*TO DO*
From the records below, output exactly the lines running from the line containing "finite_set [set C" through the line containing "have [p [_ clF]] := cT PF filterT.", and no others.

------ DATA LISTING

(* Let $K$ be a non-planar continuum. Then $T(x)\subset S(x)$ for every $x\in K$.
   Context: For a compactum $K$ and $A\subset K$, $T(A)$ is the set of all $y\in K$ for which there do not exist both an open set $Q\subset K$ and a continuum $W$ with $y\in Q\subset W\subset K\setminus A$; $T(x)=T(\{x\})$. $S(x)$ is the set of all $y\in K$ for which there do NOT exist two disjoint open sets $U_x,U_y\subset K$ with $x\in U_x$, $y\in U_y$ such that $K\setminus(U_x\cup U_y)$ has at most finitely many components intersecting both $\partial U_x$ and $\partial U_y$. *)

From HB Require Import structures.
From mathcomp Require Import all_boot all_order all_algebra.
From mathcomp Require Import all_classical all_reals all_analysis.
Set Implicit Arguments. Unset Strict Implicit. Unset Printing Implicit Defensive.
Import Order.TTheory GRing.Theory Num.Theory.
Import numFieldTopology.Exports.
Local Open Scope classical_set_scope.

(* The compactum K is the whole (metric) space T.  Subsets of K are sets of T. *)

Definition is_continuum {T : topologicalType} (W : set T) : Prop :=
  W !=set0 /\ compact W /\ connected W.

Definition bdry {T : topologicalType} (U : set T) : set T :=
  closure U `&` ~` interior U.

Definition components {T : topologicalType} (A : set T) : set (set T) :=
  [set C | exists z, A z /\ C = connected_component A z].

Definition Tset {T : topologicalType} (A : set T) : set T :=
  [set y | ~ exists Q W : set T,
      [/\ open Q, is_continuum W, Q y, Q `<=` W & W `<=` ~` A]].

Definition Tpt {T : topologicalType} (x : T) : set T := Tset [set x].

Definition Spt {T : topologicalType} (x : T) : set T :=
  [set y | ~ exists Ux Uy : set T,
      [/\ open Ux /\ open Uy, Ux `&` Uy = set0, Ux x, Uy y &
        finite_set [set C | components (~` (Ux `|` Uy)) C /\
                            C `&` bdry Ux !=set0 /\ C `&` bdry Uy !=set0]]].

Definition embedding {X Y : topologicalType} (f : X -> Y) : Prop :=
  [/\ injective f, continuous f &
      forall U : set X, open U ->
        exists V : set Y, open V /\ f @` U = f @` setT `&` V].

Definition planar (R : realType) (T : topologicalType) : Prop :=
  exists f : T -> (R * R)%type, embedding f.

(** Suppose [y] lies outside [S(x)], witnessed by disjoint open sets [Ux ∋ x]
    and [Uy ∋ y] for which only finitely many components of
    [K \ (Ux ∪ Uy)] meet both boundaries; call these components bridges.
    Let [P] be the component of [K \ Ux] containing [y]. By boundary bumping,
    the component of [K \ Ux] through any [z ∈ Uy] contains a bridge, so the
    finitely many bridges missing [P] form a closed set disjoint from [P].
    In a compact Hausdorff space components are quasi-components, so some
    neighbourhood [Y] of [y] cuts a clopen piece of [K \ Ux] missing these
    bridges; then every [z ∈ Uy ∩ Y] lies in [P]. The open set [Uy ∩ Y] and
    the continuum [P ⊆ K \ {x}] show that [y] is not in [T(x)]. *)

From HB Require Import structures.
From mathcomp Require Import all_boot all_order all_algebra.
From mathcomp Require Import all_classical all_reals all_analysis.
Local Open Scope classical_set_scope.

Set Implicit Arguments.
Unset Strict Implicit.
Unset Printing Implicit Defensive.

Section quasi_components.
Context {T : topologicalType}.
Hypotheses (hT : hausdorff_space T) (cT : compact [set: T]).

Lemma compact_bigcap_sub_open (G : set (set T)) (V : set T) :
  G !=set0 -> (forall A, G A -> closed A) ->
  (forall A B, G A -> G B -> G (A `&` B)) -> open V ->
  \bigcap_(A in G) A `<=` V -> exists2 A, G A & A `<=` V.
Proof.
move=> [A0 GA0] Gcl GI oV GV; apply: contrapT => noA.
have GmeetsCV A : G A -> (A `&` ~` V) !=set0.
  move=> GA; apply: contrapT => /set0P/negP/negPn/eqP AV.
  apply: noA; exists A => // p Ap; apply: contrapT => nVp.
  by rewrite -[False]/(set0 p) -AV.
pose F := filter_from G (fun A => A `&` ~` V).
have PF : ProperFilter F.
  apply: filter_from_proper => //; apply: filter_from_filter; first by exists A0.
  by move=> A B GA GB; exists (A `&` B); [exact: GI | move=> p [[]]].
have [p [_ clF]] := cT PF filterT.
have inGV A : G A -> (A `&` ~` V) p.
  move=> GA; have cAV : closed (A `&` ~` V).
    by apply: closedI; [exact: Gcl | exact: open_closedC].
  by rewrite ((closure_id _).1 cAV) => B FB; apply: clF => //; exists A.
by have [_] := inGV _ GA0; apply; apply: GV => A /inGV[].
Qed.

Lemma closed_disjoint_separation (A1 A2 : set T) :
  closed A1 -> closed A2 -> A1 `&` A2 = set0 ->
  exists U1 U2 : set T,
    [/\ open U1, open U2, A1 `<=` U1, A2 `<=` U2 & U1 `&` U2 = set0].
Proof.
move=> cA1 cA2 A12.
have nA1 : set_nbhs A1 (~` A2).
  apply/set_nbhsP; exists (~` A2); split => //; first exact: closed_openC.
  by move=> p A1p A2p; rewrite -[False]/(set0 p) -A12.
have [U nU clU] := compact_normal hT cT cA1 nA1.
have [C [oC A1C CU]] := (set_nbhsP _ _).1 nU.
exists C, (~` closure C); split => //.
- exact/closed_openC/closed_closure.
- by move=> p A2p /(closureS CU)/clU.
- by apply/seteqP; split => // p [Cp]; apply; exact: subset_closure.
Qed.

Lemma separated_closedl (A B : set T) :
  closed (A `|` B) -> separated A B -> closed A.
Proof.
move=> cAB [clAB _]; rewrite closure_id eqEsubset; split; first exact: subset_closure.
move=> p clAp; have [//|Bp] : (A `|` B) p.
  by rewrite ((closure_id _).1 cAB); apply: closureS clAp; exact: subsetUl.
by exfalso; rewrite -[False]/(set0 p) -clAB.
Qed.

Definition rel_clopen_nbhs (E : set T) (a : T) : set (set T) :=
  [set A | exists O, [/\ open O, A = E `&` O, closed A & A a]].

Definition quasi_component (E : set T) (a : T) : set T :=
  \bigcap_(A in rel_clopen_nbhs E a) A.

Variables (E : set T) (a : T).
Hypotheses (cE : closed E) (Ea : E a).

Lemma rel_clopen_nbhsT : rel_clopen_nbhs E a E.
Proof. by exists setT; rewrite setIT; split => //; exact: openT. Qed.

Lemma rel_clopen_nbhsI A B : rel_clopen_nbhs E a A -> rel_clopen_nbhs E a B ->
  rel_clopen_nbhs E a (A `&` B).
Proof.
move=> [OA [oA -> cA Aa]] [OB [oB -> cB Ba]]; exists (OA `&` OB); split.
- exact: openI.
- by rewrite setIACA setIid.
- exact: closedI.
- by split.
Qed.

Lemma quasi_component_closed : closed (quasi_component E a).
Proof. by apply: closed_bigI => A [? []]. Qed.

Lemma quasi_component_sub_open V : open V -> quasi_component E a `<=` V ->
  exists2 A, rel_clopen_nbhs E a A & A `<=` V.
Proof.
apply: compact_bigcap_sub_open; first by exists E; exact: rel_clopen_nbhsT.
  by move=> A [? []].
exact: rel_clopen_nbhsI.
Qed.

(** The quasi-component cannot split into two closed pieces: otherwise, after
    separating the pieces by disjoint open sets, some relatively clopen
    neighbourhood of [a] would already avoid the piece not containing [a]. *)
Lemma quasi_component_split (A1 A2 : set T) : closed A1 -> closed A2 ->
  A1 `&` A2 = set0 -> quasi_component E a = A1 `|` A2 -> A1 a -> A2 = set0.
Proof.
move=> cA1 cA2 A12 QA A1a.
have [U1 [U2 [oU1 oU2 A1U1 A2U2 U12]]] := closed_disjoint_separation cA1 cA2 A12.
have [A GA AU] : exists2 A, rel_clopen_nbhs E a A & A `<=` U1 `|` U2.
  apply: quasi_component_sub_open; first exact: openU.
  by rewrite QA; apply: setUSS.
have [W [oW AE cA Aa]] := GA.
have AU1 : rel_clopen_nbhs E a (E `&` (W `&` U1)).
  exists (W `&` U1); split => //; first exact: openI.
    have -> : E `&` (W `&` U1) = A `&` ~` U2.
      rewrite AE; apply/seteqP; split => p.
        by move=> [Ep [Wp U1p]]; split => // U2p; rewrite -[False]/(set0 p) -U12.
      by move=> [[Ep Wp] nU2p]; split => //; split => //; have [] := AU p; rewrite ?AE.
    by apply: closedI => //; exact: open_closedC.
  by rewrite setIA -AE; split => //; exact: A1U1.
apply/seteqP; split => // p A2p.
have Qp : quasi_component E a p by rewrite QA; right.
have [_ [_ U1p]] := Qp _ AU1.
by rewrite -U12; split => //; exact: A2U2.
Qed.

Lemma quasi_component_connected : connected (quasi_component E a).
Proof.
apply: contrapT => /connectedPn[A [A0 QA sepA]].
have cQ := quasi_component_closed; rewrite QA in cQ.
have cA0 : closed (A false) by apply: separated_closedl sepA.
have cA1 : closed (A true).
  by rewrite setUC separatedC in cQ sepA; apply: separated_closedl sepA.
have dA := separated_disjoint sepA.
have : quasi_component E a a by move=> B [? []].
rewrite QA => -[aA0|aA1].
- by have [p] := A0 true; rewrite (quasi_component_split cA0 cA1 dA QA aA0).
- rewrite setIC in dA; rewrite setUC in QA.
  by have [p] := A0 false; rewrite (quasi_component_split cA1 cA0 dA QA aA1).
Qed.

Lemma quasi_component_sub_component :
  quasi_component E a `<=` connected_component E a.
Proof.
apply: connected_component_max; last exact: quasi_component_connected.
- by move=> B [? []].
- by move=> p; apply; exact: rel_clopen_nbhsT.
Qed.

Lemma component_rel_clopen_separation (B : set T) : closed B ->
  connected_component E a `&` B = set0 ->
  exists O, [/\ open O, O a, closed (E `&` O) & E `&` O `&` B = set0].
Proof.
move=> cB dB.
have [A [W [oW AE cA Aa]] AB] : exists2 A, rel_clopen_nbhs E a A & A `<=` ~` B.
  apply: quasi_component_sub_open; first exact: closed_openC.
  move=> p /quasi_component_sub_component Cp Bp.
  by rewrite -[False]/(set0 p) -dB.
rewrite AE in Aa cA AB; exists W; split => //; first by case: Aa.
exact/disjoints_subset.
Qed.

End quasi_components.

Section boundary_bumping.
Context {T : topologicalType}.

Lemma connected_sub_rel_clopen (Z E O : set T) : connected Z -> Z `<=` E ->
  open O -> closed (E `&` O) -> Z `&` O !=set0 -> Z `<=` O.
Proof.
move=> cZ ZE oO cEO ZO0; suff <- : Z `&` O = Z by move=> p [].
apply: cZ => //; first by exists O.
exists (E `&` O) => //; rewrite setIA (setIidl ZE) //.
Qed.

Hypotheses (hT : hausdorff_space T) (cT : compact [set: T]).

Lemma boundary_bumping (P E : set T) (p a : T) : connected P -> closed E ->
  E `<=` P -> P p -> ~ E p -> E a ->
  exists c, connected_component E a c /\ closure (P `&` ~` E) c.
Proof.
move=> cP cE EP Pp nEp Ea; apply: contrapT => noc.
set B := closure (P `&` ~` E).
have dB : connected_component E a `&` B = set0.
  by apply/seteqP; split => // c [Cc Bc]; apply: noc; exists c.
have [Y [oY Ya cEY dEY]] :=
  component_rel_clopen_separation hT cT cE Ea (@closed_closure _ _) dB.
have PEY : P `&` (Y `&` ~` B) = E `&` Y.
  apply/seteqP; split => q.
    move=> [Pq [Yq nBq]]; split => //; apply: contrapT => nEq.
    by apply: nBq; apply: subset_closure.
  move=> [Eq Yq]; split; first exact: EP.
  by split => // Bq; rewrite -[False]/(set0 q) -dEY.
have PYB : P `<=` Y `&` ~` B.
  apply: (@connected_sub_rel_clopen P P) => //.
  - by apply: openI => //; exact/closed_openC/closed_closure.
  - by rewrite PEY.
  - by exists a; rewrite PEY.
by have [_] := PYB _ Pp; apply; apply: subset_closure.
Qed.

End boundary_bumping.

Lemma closure_notin_bdry {T : topologicalType} (U : set T) (c : T) :
  closure U c -> ~ U c -> bdry U c.
Proof. by move=> clUc nUc; split => // /interior_subset. Qed.

Lemma closure_disjoint_open {T : topologicalType} (U V : set T) (c : T) :
  open U -> U `&` V = set0 -> closure V c -> ~ U c.
Proof.
move=> oU UV clVc Uc; have [q [Uq Vq]] := clVc U (open_nbhs_nbhs (conj oU Uc)).
by rewrite -[False]/(set0 q) -UV.
Qed.

Definition bridges {T : topologicalType} (Ux Uy : set T) : set (set T) :=
  [set C | components (~` (Ux `|` Uy)) C /\
           C `&` bdry Ux !=set0 /\ C `&` bdry Uy !=set0].

Section bridges.
Context {T : topologicalType}.
Hypotheses (hT : hausdorff_space T) (cT : compact [set: T])
  (Tconn : connected [set: T]).
Variables (Ux Uy : set T).
Hypotheses (oUx : open Ux) (oUy : open Uy) (dU : Ux `&` Uy = set0).

Local Notation F := (~` (Ux `|` Uy)).
Local Notation M := (~` Ux).

Let UyM : Uy `<=` M.
Proof. by apply/disjoints_subset; rewrite setIC. Qed.

(** Bump from [z] out of [K \ Ux] to a point [c ∈ cl Ux], then bump from [c]
    inside the component of [z] out of [F] to a point [d ∈ cl Uy]; the
    component of [F] through [c] and [d] is the bridge. *)
Lemma bridge_in_component (x z : T) : Ux x -> Uy z ->
  exists c, [/\ F c, bridges Ux Uy (connected_component F c)
              & connected_component F c `<=` connected_component M z].
Proof.
move=> Uxx Uyz.
have cM : closed M := open_closedC oUx.
have cF : closed F := open_closedC (openU oUx oUy).
have Mz : M z := UyM Uyz.
set Z := connected_component M z.
have [c [Zc clc]] :=
  boundary_bumping hT cT (p := x) Tconn cM (subsetT M) I (fun h => h Uxx) Mz.
have clUxc : closure Ux c by apply: closureS clc => q [_ /contrapT].
have Mc : M c := connected_component_sub Zc.
have Fc : F c by move=> [//|]; apply: closure_disjoint_open oUy _ clUxc; rewrite setIC.
have cZF : closed (Z `&` F) by apply: closedI => //; exact: component_closed.
have [d [dZFc clZd]] := boundary_bumping hT cT (p := z)
  (@component_connected _ M z) cZF (@subIsetl _ _ _) (connected_component_refl Mz)
  (fun h => h.2 (or_intror Uyz)) (conj Zc Fc).
have ZFF : connected_component (Z `&` F) c `<=` connected_component F c.
  apply: connected_component_max; first exact: connected_component_refl.
  - by move=> q /connected_component_sub[].
  - exact: component_connected.
have Fd : F d := connected_component_sub (ZFF _ dZFc).
have clUyd : closure Uy d.
  apply: closureS clZd => q [Zq nZFq]; apply: contrapT => nUyq; apply: nZFq.
  by split => //; move=> [Uxq|//]; exact: (connected_component_sub Zq).
exists c; split => //.
- split; first by exists c.
  split.
    by exists c; split; [exact: connected_component_refl | exact: closure_notin_bdry].
  exists d; split; first exact: ZFF.
  by apply: closure_notin_bdry => // ?; apply: Fd; right.
- rewrite /Z (same_connected_component Zc).
  apply: connected_component_max; first exact: connected_component_refl.
  + by move=> q Fq Uxq; apply: (connected_component_sub Fq); left.
  + exact: component_connected.
Qed.

Lemma finite_bridges_component_nbhs (x y : T) : Ux x -> Uy y ->
  finite_set (bridges Ux Uy) ->
  exists Q, [/\ open Q, Q y & Q `<=` connected_component M y].
Proof.
move=> Uxx Uyy finB.
have cM : closed M := open_closedC oUx.
have My : M y := UyM Uyy.
set P := connected_component M y.
set B := \bigcup_(C in [set C | bridges Ux Uy C /\ C `&` P = set0]) C.
have cB : closed B.
  apply: closed_bigcup; first by apply: sub_finite_set finB => C [].
  move=> C [[[w [_ ->]] _] _]; apply: component_closed.
  exact/open_closedC/openU.
have dPB : P `&` B = set0.
  apply/disjoints_subset => p Pp [C [_ CP] Cp].
  by rewrite -[False]/(set0 p) -CP.
have [Y [oY Yy cMY dMYB]] := component_rel_clopen_separation hT cT cM My cB dPB.
exists (Uy `&` Y); split => //; first exact: openI.
move=> z [Uyz Yz]; apply: contrapT => nPz.
have [c [Fc bridge_c cZ]] := bridge_in_component Uxx Uyz.
have Mz : M z := UyM Uyz.
have ZY : connected_component M z `<=` Y.
  apply: connected_sub_rel_clopen (@component_connected _ M z) _ oY cMY _.
    exact: connected_component_sub.
  by exists z; split => //; exact: connected_component_refl.
have cP : connected_component F c `&` P = set0.
  apply/disjoints_subset => p /cZ zp Pp; apply: nPz.
  exact: connected_component_trans Pp (connected_component_sym zp).
have Bc : B c.
  by exists (connected_component F c) => //; exact: connected_component_refl.
have Mc : M c := connected_component_sub (cZ _ (connected_component_refl Fc)).
have Yc : Y c := ZY _ (cZ _ (connected_component_refl Fc)).
by rewrite -[False]/(set0 c) -dMYB.
Qed.

End bridges.

Theorem theorem9p7 (R : realType) (K : pseudoMetricType R)
  (hK : hausdorff_space K) (Kcpt : compact [set: K]) (Kconn : connected [set: K])
  (Kne : [set: K] !=set0) (Knp : ~ planar R K) :
  forall x : K, Tpt x `<=` Spt x.
Proof.
move=> x y Ty [Ux [Uy [[oUx oUy] dU Uxx Uyy finB]]].
have [Q [oQ Qy QP]] :=
  finite_bridges_component_nbhs hK Kcpt Kconn oUx oUy dU Uxx Uyy finB.
apply: Ty; exists Q, (connected_component (~` Ux) y); split => //.
- split; first by exists y; exact: QP.
  split; last exact: component_connected.
  apply: subclosed_compact Kcpt _ => //.
  exact/component_closed/open_closedC.
- by move=> q /connected_component_sub nUxq qx; apply: nUxq; rewrite qx.
Qed.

------------

*TASK RESPONSE*
        finite_set [set C | components (~` (Ux `|` Uy)) C /\
                            C `&` bdry Ux !=set0 /\ C `&` bdry Uy !=set0]]].

Definition embedding {X Y : topologicalType} (f : X -> Y) : Prop :=
  [/\ injective f, continuous f &
      forall U : set X, open U ->
        exists V : set Y, open V /\ f @` U = f @` setT `&` V].

Definition planar (R : realType) (T : topologicalType) : Prop :=
  exists f : T -> (R * R)%type, embedding f.

(** Suppose [y] lies outside [S(x)], witnessed by disjoint open sets [Ux ∋ x]
    and [Uy ∋ y] for which only finitely many components of
    [K \ (Ux ∪ Uy)] meet both boundaries; call these components bridges.
    Let [P] be the component of [K \ Ux] containing [y]. By boundary bumping,
    the component of [K \ Ux] through any [z ∈ Uy] contains a bridge, so the
    finitely many bridges missing [P] form a closed set disjoint from [P].
    In a compact Hausdorff space components are quasi-components, so some
    neighbourhood [Y] of [y] cuts a clopen piece of [K \ Ux] missing these
    bridges; then every [z ∈ Uy ∩ Y] lies in [P]. The open set [Uy ∩ Y] and
    the continuum [P ⊆ K \ {x}] show that [y] is not in [T(x)]. *)

From HB Require Import structures.
From mathcomp Require Import all_boot all_order all_algebra.
From mathcomp Require Import all_classical all_reals all_analysis.
Local Open Scope classical_set_scope.

Set Implicit Arguments.
Unset Strict Implicit.
Unset Printing Implicit Defensive.

Section quasi_components.
Context {T : topologicalType}.
Hypotheses (hT : hausdorff_space T) (cT : compact [set: T]).

Lemma compact_bigcap_sub_open (G : set (set T)) (V : set T) :
  G !=set0 -> (forall A, G A -> closed A) ->
  (forall A B, G A -> G B -> G (A `&` B)) -> open V ->
  \bigcap_(A in G) A `<=` V -> exists2 A, G A & A `<=` V.
Proof.
move=> [A0 GA0] Gcl GI oV GV; apply: contrapT => noA.
have GmeetsCV A : G A -> (A `&` ~` V) !=set0.
  move=> GA; apply: contrapT => /set0P/negP/negPn/eqP AV.
  apply: noA; exists A => // p Ap; apply: contrapT => nVp.
  by rewrite -[False]/(set0 p) -AV.
pose F := filter_from G (fun A => A `&` ~` V).
have PF : ProperFilter F.
  apply: filter_from_proper => //; apply: filter_from_filter; first by exists A0.
  by move=> A B GA GB; exists (A `&` B); [exact: GI | move=> p [[]]].
have [p [_ clF]] := cT PF filterT.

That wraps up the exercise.